Блаженная (СИ) - Белла Ворон
Шрифт:
Интервал:
Закладка:
Я дала отбой и помчалась к воротам. Как я могла забыть… Наша с бабушкой давняя игра… Зубная фея оставляла мне подарки в печке! В дымоходе есть такой выступ, бабушка прятала там маленькие подарки за выпавшие зубы и за то, что я была хорошей девочкой. “Фея” оставляла мне послание — дубовый листик на подушке, или ягоду, и это было знаком. Я мчалась к печке, засовывала руку в устье и шарила в дымоходе, предвкушая чудо.
И сейчас, много лет спустя, я получила свой дубовый листик от лучшей подруги. Надеюсь, она простит меня в стопятидесятый раз.
Подобрав юбку, я мчалась в бабушкин дом.
Возле моей калитки, словно черная свечка стояла Наталья Павловна.
— Тинушка…
— Наталья Павловна, извините, умоляю, не сейчас! Я потом зайду!
“Пожалуйста, окажись там…”
Руки дрожали, я никак не могла попасть ключом в замочную скважину.
Есть! Споткнувшись о порог, чуть не растянувшись, я влетела в комнату и бросилась к печке.
Сунула руку в холодное устье, давно забытым, но таким привычным движением зашарила в дымоходе. Сердце радостно стукнуло. Моя рука ухватила железную коробку.

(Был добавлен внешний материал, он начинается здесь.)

(* Let $(A,\circ)$ be a permutative algebra and let $D_1,D_2:A\to A$ be derivations of $(A,\circ)$ with $D_1D_2=D_2D_1$. Define $[x,y]=D_1(x)\circ D_2(y)-D_2(x)\circ D_1(y)$ for $x,y\in A$. Then $(A,[\cdot,\cdot])$ is a Leibniz algebra, and $(A,\circ,[\cdot,\cdot])$ is a dual pre-Poisson algebra.
   Context: Field $\mathbb{F}$ of characteristic $0$. A permutative algebra: $x\circ(y\circ z)=(x\circ y)\circ z=(y\circ x)\circ z$. A derivation is a linear $D$ with $D(x\circ y)=D(x)\circ y+x\circ D(y)$. A Leibniz algebra: $[x,[y,z]]=[[x,y],z]+[y,[x,z]]$. A dual pre-Poisson algebra $(A,\circ,[\cdot,\cdot])$: $(A,\circ)$ permutative, $(A,[\cdot,\cdot])$ Leibniz, and $[x,y\circ z]=[x,y]\circ z+y\circ[x,z]$, $[x\circ y,z]=x\circ[y,z]+y\circ[x,z]$, $[x,y]\circ z=-[y,x]\circ z$. *)

From mathcomp Require Import all_boot all_algebra.
Set Implicit Arguments. Unset Strict Implicit. Unset Printing Implicit Defensive.
Import GRing.Theory.
Local Open Scope ring_scope.

Definition bilinear_op (F : fieldType) (A : lmodType F) (mul : A -> A -> A) : Prop :=
  (forall x, linear (mul x)) /\ (forall y, linear (fun x => mul x y)).

Definition permutative (F : fieldType) (A : lmodType F) (mul : A -> A -> A) : Prop :=
  bilinear_op mul /\
  forall x y z, mul x (mul y z) = mul (mul x y) z /\ mul (mul x y) z = mul (mul y x) z.

Definition derivation (F : fieldType) (A : lmodType F) (mul : A -> A -> A)
  (D : A -> A) : Prop :=
  linear D /\ forall x y, D (mul x y) = mul (D x) y + mul x (D y).

Definition leibniz (F : fieldType) (A : lmodType F) (br : A -> A -> A) : Prop :=
  bilinear_op br /\
  forall x y z, br x (br y z) = br (br x y) z + br y (br x z).

Definition dual_pre_poisson (F : fieldType) (A : lmodType F)
  (mul br : A -> A -> A) : Prop :=
  permutative mul /\ leibniz br /\
  (forall x y z, br x (mul y z) = mul (br x y) z + mul y (br x z)) /\
  (forall x y z, br (mul x y) z = mul x (br y z) + mul y (br x z)) /\
  (forall x y z, mul (br x y) z = - mul (br y x) z).

(* Expanding with the derivation rule
   and sorting the products with the permutative laws a(bc) = (ab)c = (ba)c
   gives the compatibilities with ∘ directly; in particular [x,-] is a
   derivation of ∘.  Since D1 and D2 commute, they are also derivations of the
   bracket.  Expanding [x,[y,z]] - [[x,y],z] - [y,[x,z]] with these two rules
   leaves, up to sign, ([D1 x,y] D2 z - D2 y [D1 x,z]) - ([D2 x,y] D1 z - D1 y [D2 x,z]),
   and both halves equal (m D2 y) D1 z - (m D1 y) D2 z with m = D1 D2 x. *)
From HB Require Import structures.
From mathcomp Require Import all_boot all_algebra.
Set Implicit Arguments.
Unset Strict Implicit.
Unset Printing Implicit Defensive.
Import GRing.Theory.
Local Open Scope ring_scope.

Section LinearMap.
Variables (F : fieldType) (A : lmodType F) (f : A -> A).
Hypothesis f_lin : linear f.

HB.instance Definition _ := GRing.isLinear.Build F A A *:%R f f_lin.

Lemma linD x y : f (x + y) = f x + f y. Proof. exact: linearD. Qed.
Lemma linB x y : f (x - y) = f x - f y. Proof. exact: linearB. Qed.
Lemma linN x : f (- x) = - f x. Proof. exact: linearN. Qed.
Lemma linZ a x : f (a *: x) = a *: f x. Proof. exact: linearZ. Qed.

End LinearMap.

Section DerivationBracket.
Variables (F : fieldType) (A : lmodType F) (mul : A -> A -> A) (D1 D2 : A -> A).

Local Notation "x ∘ y" := (mul x y) (at level 40, left associativity).

Hypothesis mul_bilin : bilinear_op mul.
Hypothesis mulA : forall x y z, x ∘ (y ∘ z) = x ∘ y ∘ z.
Hypothesis mulCl : forall x y z, x ∘ y ∘ z = y ∘ x ∘ z.
Hypotheses (D1_lin : linear D1) (D2_lin : linear D2).
Hypothesis D1M : forall x y, D1 (x ∘ y) = D1 x ∘ y + x ∘ D1 y.
Hypothesis D2M : forall x y, D2 (x ∘ y) = D2 x ∘ y + x ∘ D2 y.
Hypothesis D1D2C : forall x, D1 (D2 x) = D2 (D1 x).

Definition br x y := D1 x ∘ D2 y - D2 x ∘ D1 y.

Lemma mulDl x y z : (x + y) ∘ z = x ∘ z + y ∘ z.
Proof. exact: (linD (mul_bilin.2 z) x y). Qed.

Lemma mulBl x y z : (x - y) ∘ z = x ∘ z - y ∘ z.
Proof. exact: (linB (mul_bilin.2 z) x y). Qed.

Lemma mulZl a x y : (a *: x) ∘ y = a *: (x ∘ y).
Proof. exact: (linZ (mul_bilin.2 y) a x). Qed.

Lemma mulDr x y z : x ∘ (y + z) = x ∘ y + x ∘ z.
Proof. exact: (linD (mul_bilin.1 x) y z). Qed.

Lemma mulBr x y z : x ∘ (y - z) = x ∘ y - x ∘ z.
Proof. exact: (linB (mul_bilin.1 x) y z). Qed.

Lemma mulNr x y : x ∘ (- y) = - (x ∘ y).
Proof. exact: (linN (mul_bilin.1 x) y). Qed.

Lemma mulZr a x y : x ∘ (a *: y) = a *: (x ∘ y).
Proof. exact: (linZ (mul_bilin.1 x) a y). Qed.

Lemma bilinear_br : bilinear_op br.
Proof.
split=> [x | y] a u v; rewrite /br;
  rewrite !(linD D1_lin, linD D2_lin, linZ D1_lin, linZ D2_lin).
- by rewrite !(mulDr, mulZr) scalerBr opprD addrACA.
- by rewrite !(mulDl, mulZl) scalerBr opprD addrACA.
Qed.

Lemma mul_brC x y z : br x y ∘ z = - (br y x ∘ z).
Proof. by rewrite /br !mulBl (mulCl (D1 y)) (mulCl (D2 y)) opprB. Qed.

Lemma br_mulr x y z : br x (y ∘ z) = br x y ∘ z + y ∘ br x z.
Proof.
rewrite /br D1M D2M !(mulBr, mulBl, mulDr, mulNr) !mulA ![_ ∘ y ∘ _]mulCl.
by rewrite opprD addrACA.
Qed.

Lemma br_mull x y z : br (x ∘ y) z = x ∘ br y z + y ∘ br x z.
Proof.
rewrite /br D1M D2M !(mulBr, mulDl) !mulA ![_ ∘ y ∘ _]mulCl.
by rewrite opprD addrACA addrC.
Qed.

Lemma derivation_br_comm D :
  linear D -> (forall x y, D (x ∘ y) = D x ∘ y + x ∘ D y) ->
  (forall x, D (D1 x) = D1 (D x)) -> (forall x, D (D2 x) = D2 (D x)) ->
  forall x y, D (br x y) = br (D x) y + br x (D y).
Proof.
move=> D_lin DM DD1 DD2 x y.
by rewrite /br (linB D_lin) !DM !DD1 !DD2 opprD addrACA.
Qed.

Lemma br_mulD1 u y z :
  br u y ∘ D1 z - D1 y ∘ br u z = D1 u ∘ D2 y ∘ D1 z - D1 u ∘ D1 y ∘ D2 z.
Proof.
rewrite /br mulBl mulBr !mulA (mulCl (D1 y)) (mulCl (D1 y) (D2 u)).
by rewrite opprB addrA subrK.
Qed.

Lemma br_mulD2 u y z :
  br u y ∘ D2 z - D2 y ∘ br u z = D2 u ∘ D2 y ∘ D1 z - D2 u ∘ D1 y ∘ D2 z.
Proof.
rewrite /br mulBl mulBr !mulA (mulCl (D2 y)) (mulCl (D2 y) (D2 u)).
by rewrite opprB addrC addrA subrK.
Qed.

Lemma br_leibniz x y z : br x (br y z) = br (br x y) z + br y (br x z).
Proof.
have D1_br := derivation_br_comm D1_lin D1M (fun=> erefl) D1D2C.
have D2_br := derivation_br_comm D2_lin D2M (fun x => esym (D1D2C x)) (fun=> erefl).
rewrite -[br y z]/(D1 y ∘ D2 z - D2 y ∘ D1 z) (linB (bilinear_br.1 x)) !br_mulr.
rewrite -[br (br x y) z]/(D1 (br x y) ∘ D2 z - D2 (br x y) ∘ D1 z).
rewrite -[br y (br x z)]/(D1 y ∘ D2 (br x z) - D2 y ∘ D1 (br x z)).
rewrite D1_br D2_br D1_br D2_br (mulDl (br (D1 x) y)) (mulDl (br (D2 x) y)).
rewrite (mulDr (D1 y) (br (D2 x) z)) (mulDr (D2 y) (br (D1 x) z)).
set a := br (D1 x) y ∘ D2 z; set b := D1 y ∘ br (D2 x) z.
set c := br (D2 x) y ∘ D1 z; set e := D2 y ∘ br (D1 x) z.
have defect : a - c + (b - e) = 0.
  rewrite (addrC b) addrACA (addrC (- c)) -(opprB c) /a /b /c /e.
  by rewrite br_mulD2 br_mulD1 D1D2C subrr.
set A1 := br x (D1 y) ∘ D2 z; set B1 := D1 y ∘ br x (D2 z).
set C1 := br x (D2 y) ∘ D1 z; set E1 := D2 y ∘ br x (D1 z).
rewrite !opprD (addrACA A1) (addrACA a) (addrACA b) (addrACA (a - c)).
by rewrite defect add0r.
Qed.

End DerivationBracket.

Theorem proposition2p16 (F : fieldType) (A : lmodType F)
  (mul : A -> A -> A) (D1 D2 : A -> A) :
  [pchar F] =i pred0 ->
  permutative mul ->
  derivation mul D1 -> derivation mul D2 ->
  (forall x, D1 (D2 x) = D2 (D1 x)) ->
  let br := fun x y => mul (D1 x) (D2 y) - mul (D2 x) (D1 y) in
  leibniz br /\ dual_pre_poisson mul br.
Proof.
move=> _ mul_perm [D1_lin D1M] [D2_lin D2M] D1D2C br.
have [mul_bilin mul_laws] := mul_perm.
have mulA x y z := (mul_laws x y z).1.
have mulCl x y z := (mul_laws x y z).2.
have br_bilin : bilinear_op br := bilinear_br mul_bilin D1_lin D2_lin.
have br_leib : leibniz br :=
  conj br_bilin (br_leibniz mul_bilin mulA mulCl D1_lin D2_lin D1M D2M D1D2C).
split=> //; split=> //; split=> //; split; last split.
- exact: br_mulr mul_bilin mulA mulCl D1M D2M.
- exact: br_mull mul_bilin mulA mulCl D1M D2M.
- exact: mul_brC mul_bilin mulCl.
Qed.
Theorem binomial_groebner_criterion :
  (forall m' M, multideg W m' = multideg W M -> lex m' M -> in_initial lex G M) ->
  groebner lex G.
Proof.
move=> HG f Hf Hnz.
have [M HfM] := exists_is_lead (in_ideal_finsupp Hf) Hnz.
have [[m' [Hdeg Hm' HM]]|Halone] :=
  classic (exists m', [/\ multideg W m' = multideg W M, f m' != 0 & m' <> M]).
  have Hlt : lex m' M by case: HfM => _ /(_ m' Hm') [].
  by have [g [mg [Hg [Hlg Hd]]]] := HG m' M Hdeg Hlt; exists g, mg, M.
have : \sum_(m <- fibre W M) f m = f M.
  rewrite (bigD1_seq M) ?fibre_uniq ?(mem_fibre multideg_mdeg) //= big1_seq ?addr0 //.
  move=> m /andP [/eqP Hm]; rewrite (mem_fibre multideg_mdeg) => /eqP Hdeg.
  by apply/eqP/contraT => Hm0; case: Halone; exists m.
by rewrite in_ideal_fibre_sum // => /esym/eqP; case: HfM => /negbTE ->.
Qed.

End Criterion.

Lemma homo_segment (r : rel nat) (f : nat -> nat) n :
  reflexive r -> transitive r ->
  (forall i, (1 <= i)%N -> (i < n)%N -> r (f i) (f i.+1)) ->
  forall i k, (1 <= i)%N -> (i <= k)%N -> (k <= n)%N -> r (f i) (f k).
Proof.
move=> r_refl r_trans Hf i k Hi; elim: k => [|k IH] Hik Hkn; first by lia.
case: (ltngtP i k.+1) => [Hlt||<-//]; last by lia.
by apply: r_trans (IH _ _) (Hf _ _ _); lia.
Qed.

Я извлекла ее на свет божий, подолом черной юбки отряхнула от сажи. Та самая старинная коробка из-под конфет… Я подцепила ногтем тугую крышку.
В коробке лежал белый конверт и толстая тетрадь в потертом и засаленном кожаном переплете.
ГЛАВА 20. Дневник Каргопольского
Я открыла конверт, вытащила сложенный вдвое листок. Бабушкина рука!
“Дорогая моя Тинушка!
Если ты читаешь это письмо, значит меня нет в живых. Последние дни меня гложут предчувствия и расклады плохие, поэтому хочу подстраховаться. Я верю в твою счастливую звезду и в твой редкий дар, поэтому знаю — ты получишь письмо вовремя. Надеюсь, оно убережет тебя от опасного человека.
Я всегда старалась удержать тебя как можно дальше от него, но кто знает, возможно у судьбы свои планы на него, на тебя. И я боюсь, что если вмешаюсь, то могу сделать хуже, чем есть сейчас.
Но я могу предупредить тебя, чтобы ты была осторожней.
Этот человек — Борис Павлович Каргопольский.
Никогда не забуду тот страшный день, когда он впервые переступил порог нашего дома. В тот самый день я потеряла мать и дочь — по его вине. Но судьба сохранила мне тебя. Ты выжила в той страшной аварии без единой царапинки. Но этот день выпал у тебя из памяти. Когда ты очнулась, то не вспомнила ни вашу прогулку с прабабушкой, ни этого человека, ни самой катастрофы.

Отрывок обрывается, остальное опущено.